■ WORKING DATA
(* In every psi-calculus: let $B\subseteq\mathcal N$ be finite with $B\#P$, let $\Psi\rhd P\xrightarrow{\alpha}P'$ with $\alpha\neq\tau$, and let $\mathcal F(P)=(\nu\tilde b_P)\Psi_P$ with $\tilde b_P\#\Psi,P,\mathrm{subj}(\alpha),B$. Then there exists a term $M$ such that $B\#M$ and $\Psi\otimes\Psi_P\vdash M\leftrightarrow\mathrm{subj}(\alpha)$.
   Context: Names: a countably infinite set $\mathcal N$ of atomic names. A nominal set is a set equipped with name swapping operations $(a\;b)\cdot X$ satisfying the usual axioms; the support $\mathrm n(X)$ of an element is the set of names affected by swappings, assumed finite; $a \# X$ (''$a$ fresh for $X$'') means $a\notin \mathrm n(X)$, and $A\#X$ for a set/sequence $A$ means every element of $A$ is fresh for $X$. A function/relation is equivariant if it commutes with all swappings. $\tilde a$ denotes a finite sequence of names (also used as the set of its elements). Psi-calculus: given by three nominal datatypes $\mathbf T$ (terms, ranged over by $M,N,K,L$), $\mathbf C$ (conditions, $\varphi$), $\mathbf A$ (assertions, $\Psi$), equivariant operators $\leftrightarrow:\mathbf T\times\mathbf T\to\mathbf C$ (channel equivalence), $\otimes:\mathbf A\times\mathbf A\to\mathbf A$ (composition), $\mathbf 1\in\mathbf A$ (unit), $\vdash\subseteq\mathbf A\times\mathbf C$ (entailment), and equivariant substitution functions $X[\tilde a:=\tilde T]$ (substituting terms for distinct names) on $\mathbf T,\mathbf C,\mathbf A$ satisfying: (S1) if $\tilde a\subseteq\mathrm n(X)$ and $b\in\mathrm n(\tilde T)$ then $b\in\mathrm n(X[\tilde a:=\tilde T])$; (S2) if $\tilde b\# X,\tilde a$ then $X[\tilde a:=\tilde T]=((\tilde b\;\tilde a)\cdot X)[\tilde b:=\tilde T]$. Assertions are equivalent, $\Psi\simeq\Psi'$, if for all $\varphi$: $\Psi\vdash\varphi\iff\Psi'\vdash\varphi$. Required: $\Psi\vdash M\leftrightarrow N\Rightarrow\Psi\vdash N\leftrightarrow M$; $\Psi\vdash M\leftrightarrow N\wedge\Psi\vdash N\leftrightarrow L\Rightarrow\Psi\vdash M\leftrightarrow L$; $\Psi\simeq\Psi'\Rightarrow\Psi\otimes\Psi''\simeq\Psi'\otimes\Psi''$; $\Psi\otimes\mathbf 1\simeq\Psi$; $(\Psi\otimes\Psi')\otimes\Psi''\simeq\Psi\otimes(\Psi'\otimes\Psi'')$; $\Psi\otimes\Psi'\simeq\Psi'\otimes\Psi$. Frames: $(\nu\tilde b)\Psi$ with $\tilde b$ binding into $\Psi$, identified up to alpha-equivalence; $(\nu\tilde b_1)\Psi_1\otimes(\nu\tilde b_2)\Psi_2=(\nu\tilde b_1\tilde b_2)(\Psi_1\otimes\Psi_2)$ with $\tilde b_1\#\tilde b_2,\Psi_2$ and $\tilde b_2\#\tilde b_1,\Psi_1$. Agents: $\mathbf 0$; $\overline M N.P$ (output); $\underline M(\lambda\tilde x)N.P$ (input, $\tilde x\subseteq\mathrm n(N)$ without duplicates, binding in $N$ and $P$); $\mathbf{case}\ \varphi_1:P_1\,[\!]\cdots[\!]\,\varphi_n:P_n$; $(\nu a)P$ (binds $a$); $P\mid Q$; $!P$; $(\!|\Psi|\!)$ (assertion). Agents are identified up to alpha-equivalence. In $!P$ and in each branch $P_i$ of a case, every assertion must occur under an input or output prefix. Substitution on agents is defined homomorphically, avoiding capture. Frame of an agent: $\mathcal F(\mathbf 0)=\mathcal F(\text{input})=\mathcal F(\text{output})=\mathcal F(\mathbf{case}\ldots)=\mathcal F(!P)=\mathbf 1$, $\mathcal F((\!|\Psi|\!))=\Psi$, $\mathcal F(P\mid Q)=\mathcal F(P)\otimes\mathcal F(Q)$, $\mathcal F((\nu b)P)=(\nu b)\mathcal F(P)$. Actions: output $\overline M(\nu\tilde a)N$ with $\tilde a\subseteq\mathrm n(N)$, input $\underline M N$, and $\tau$; $\mathrm{subj}(\overline M(\nu\tilde a)N)=\mathrm{subj}(\underline MN)=M$; $\mathrm{bn}(\overline M(\nu\tilde a)N)=\tilde a$, otherwise $\emptyset$; $\mathrm n(\tau)=\emptyset$, else $\mathrm n(M)\cup\mathrm n(N)$. Transitions $\Psi\rhd P\xrightarrow{\alpha}P'$ are the least relation closed under (symmetric versions of Com and Par included): In: $\Psi\vdash M\leftrightarrow K$ implies $\Psi\rhd\underline M(\lambda\tilde y)N.P\xrightarrow{\underline K\,N[\tilde y:=\tilde L]}P[\tilde y:=\tilde L]$ for any $\tilde L$. Out: $\Psi\vdash M\leftrightarrow K$ implies $\Psi\rhd\overline MN.P\xrightarrow{\overline KN}P$. Case: $\Psi\rhd P_i\xrightarrow\alpha P'$ and $\Psi\vdash\varphi_i$ imply $\Psi\rhd\mathbf{case}\ \tilde\varphi:\tilde P\xrightarrow\alpha P'$. Com: with $\mathcal F(P)=(\nu\tilde b_P)\Psi_P$, $\mathcal F(Q)=(\nu\tilde b_Q)\Psi_Q$, $\tilde b_P\#\Psi,\tilde b_Q,Q,M,P$, $\tilde b_Q\#\Psi,\tilde b_P,P,K,Q$: if $\Psi_Q\otimes\Psi\rhd P\xrightarrow{\overline M(\nu\tilde a)N}P'$, $\Psi_P\otimes\Psi\rhd Q\xrightarrow{\underline KN}Q'$, $\Psi\otimes\Psi_P\otimes\Psi_Q\vdash M\leftrightarrow K$ and $\tilde a\#Q$, then $\Psi\rhd P\mid Q\xrightarrow\tau(\nu\tilde a)(P'\mid Q')$. Par: with $\mathcal F(Q)=(\nu\tilde b_Q)\Psi_Q$, $\tilde b_Q\#\Psi,P,\alpha$: if $\Psi_Q\otimes\Psi\rhd P\xrightarrow\alpha P'$ and $\mathrm{bn}(\alpha)\#Q$ then $\Psi\rhd P\mid Q\xrightarrow\alpha P'\mid Q$. Scope: $\Psi\rhd P\xrightarrow\alpha P'$, $b\#\alpha,\Psi$ imply $\Psi\rhd(\nu b)P\xrightarrow\alpha(\nu b)P'$. Open: $\Psi\rhd P\xrightarrow{\overline M(\nu\tilde a)N}P'$, $b\#\tilde a,\Psi,M$, $b\in\mathrm n(N)$ imply $\Psi\rhd(\nu b)P\xrightarrow{\overline M(\nu\tilde a\cup\{b\})N}P'$. Rep: $\Psi\rhd P\mid !P\xrightarrow\alpha P'$ implies $\Psi\rhd !P\xrightarrow\alpha P'$. $\mathrm{bn}(\alpha)$ binds into the object and derivative; transitions are identified up to alpha-equivalence. *)

From Stdlib Require Import List Arith.
Import ListNotations.

Definition name := nat.

Definition swap_name (a b c : name) : name :=
  if Nat.eqb c a then b else if Nat.eqb c b then a else c.

Record nominal := Nominal {
  ncar :> Type;
  nswap : name -> name -> ncar -> ncar;
  nswap_id : forall a x, nswap a a x = x;
  nswap_inv : forall a b x, nswap a b (nswap a b x) = x;
  nswap_conj : forall a b c d x,
      nswap a b (nswap c d x)
      = nswap (swap_name a b c) (swap_name a b d) (nswap a b x);
  nfinsupp : forall x, exists L : list name,
      forall a b, ~ In a L -> ~ In b L -> nswap a b x = x
}.
Arguments nswap {n}.

Definition fresh {X : nominal} (a : name) (x : X) : Prop :=
  exists L : list name, forall b, ~ In b L -> nswap a b x = x.

Definition in_supp {X : nominal} (a : name) (x : X) : Prop := ~ fresh a x.

Fixpoint swaps {X : Type} (sw : name -> name -> X -> X)
    (xs cs : list name) (x : X) : X :=
  match xs, cs with
  | a :: xs', c :: cs' => sw a c (swaps sw xs' cs' x)
  | _, _ => x
  end.

Definition avoids (ds L : list name) : Prop := forall d, In d ds -> ~ In d L.

Definition subst_ok (X Tm : nominal)
    (sub : X -> list name -> list Tm -> X) : Prop :=
  (forall a b x xs Ts,
      nswap a b (sub x xs Ts)
      = sub (nswap a b x) (map (swap_name a b) xs) (map (nswap a b) Ts))
  /\ (forall x xs Ts b,
      NoDup xs -> length xs = length Ts ->
      (forall a, In a xs -> in_supp a x) ->
      (exists t, In t Ts /\ in_supp b t) ->
      in_supp b (sub x xs Ts))
  /\ (forall x xs ys Ts,
      NoDup xs -> length xs = length Ts ->
      NoDup ys -> length ys = length xs ->
      (forall y, In y ys -> fresh y x /\ ~ In y xs) ->
      sub x xs Ts = sub (swaps nswap ys xs x) ys Ts).

Record psi := MkPsi {
  T : nominal;   (* terms *)
  C : nominal;   (* conditions *)
  A : nominal;   (* assertions *)
  chaneq : T -> T -> C;
  comp : A -> A -> A;
  unit : A;
  entails : A -> C -> Prop;
  substT : T -> list name -> list T -> T;
  substC : C -> list name -> list T -> C;
  substA : A -> list name -> list T -> A;
  chaneq_eqv : forall a b M N,
      nswap a b (chaneq M N) = chaneq (nswap a b M) (nswap a b N);
  comp_eqv : forall a b S S',
      nswap a b (comp S S') = comp (nswap a b S) (nswap a b S');
  unit_eqv : forall a b, nswap a b unit = unit;
  entails_eqv : forall a b S phi,
      entails S phi -> entails (nswap a b S) (nswap a b phi);
  substT_ok : subst_ok T T substT;
  substC_ok : subst_ok C T substC;
  substA_ok : subst_ok A T substA;
  chan_sym : forall S M N, entails S (chaneq M N) -> entails S (chaneq N M);
  chan_trans : forall S M N L,
      entails S (chaneq M N) -> entails S (chaneq N L) ->
      entails S (chaneq M L);
  (* assertion equivalence laws (S ~ S' := forall phi, S |- phi <-> S' |- phi) *)
  comp_cong : forall S S' S'',
      (forall phi, entails S phi <-> entails S' phi) ->
      forall phi, entails (comp S S'') phi <-> entails (comp S' S'') phi;
  comp_unit : forall S phi, entails (comp S unit) phi <-> entails S phi;
  comp_assoc : forall S S' S'' phi,
      entails (comp (comp S S') S'') phi <-> entails (comp S (comp S' S'')) phi;
  comp_comm : forall S S' phi,
      entails (comp S S') phi <-> entails (comp S' S) phi
}.
Arguments chaneq {p}.
Arguments comp {p}.
Arguments unit {p}.
Arguments entails {p}.
Arguments substT {p}.
Arguments substC {p}.
Arguments substA {p}.

Inductive agent (p : psi) : Type :=
| Nil : agent p
| Out : T p -> T p -> agent p -> agent p
| Inp : T p -> list name -> T p -> agent p -> agent p      (* M(\x~)N . P *)
| Case : branches p -> agent p
| Nu : name -> agent p -> agent p
| Par : agent p -> agent p -> agent p
| Bang : agent p -> agent p
| Ass : A p -> agent p
with branches (p : psi) : Type :=
| BNil : branches p
| BCons : C p -> agent p -> branches p -> branches p.

Arguments Nil {p}.
Arguments Out {p}.
Arguments Inp {p}.
Arguments Case {p}.
Arguments Nu {p}.
Arguments Par {p}.
Arguments Bang {p}.
Arguments Ass {p}.
Arguments BNil {p}.
Arguments BCons {p}.

Fixpoint swapA {p : psi} (a b : name) (P : agent p) : agent p :=
  match P with
  | Nil => Nil
  | Out M N Q => Out (nswap a b M) (nswap a b N) (swapA a b Q)
  | Inp M xs N Q =>
      Inp (nswap a b M) (map (swap_name a b) xs) (nswap a b N) (swapA a b Q)
  | Case bs => Case (swapB a b bs)
  | Nu c Q => Nu (swap_name a b c) (swapA a b Q)
  | Par Q R => Par (swapA a b Q) (swapA a b R)
  | Bang Q => Bang (swapA a b Q)
  | Ass s => Ass (nswap a b s)
  end
with swapB {p : psi} (a b : name) (bs : branches p) : branches p :=
  match bs with
  | BNil => BNil
  | BCons phi Q bs' => BCons (nswap a b phi) (swapA a b Q) (swapB a b bs')
  end.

■ EXERCISE GOAL
Every line from the line containing "C : nominal;" through the line containing "chan_sym : forall" in the records above must be retyped exactly. Leave out the rest.

■ ANSWER
  C : nominal;   (* conditions *)
  A : nominal;   (* assertions *)
  chaneq : T -> T -> C;
  comp : A -> A -> A;
  unit : A;
  entails : A -> C -> Prop;
  substT : T -> list name -> list T -> T;
  substC : C -> list name -> list T -> C;
  substA : A -> list name -> list T -> A;
  chaneq_eqv : forall a b M N,
      nswap a b (chaneq M N) = chaneq (nswap a b M) (nswap a b N);
  comp_eqv : forall a b S S',
      nswap a b (comp S S') = comp (nswap a b S) (nswap a b S');
  unit_eqv : forall a b, nswap a b unit = unit;
  entails_eqv : forall a b S phi,
      entails S phi -> entails (nswap a b S) (nswap a b phi);
  substT_ok : subst_ok T T substT;
  substC_ok : subst_ok C T substC;
  substA_ok : subst_ok A T substA;
  chan_sym : forall S M N, entails S (chaneq M N) -> entails S (chaneq N M);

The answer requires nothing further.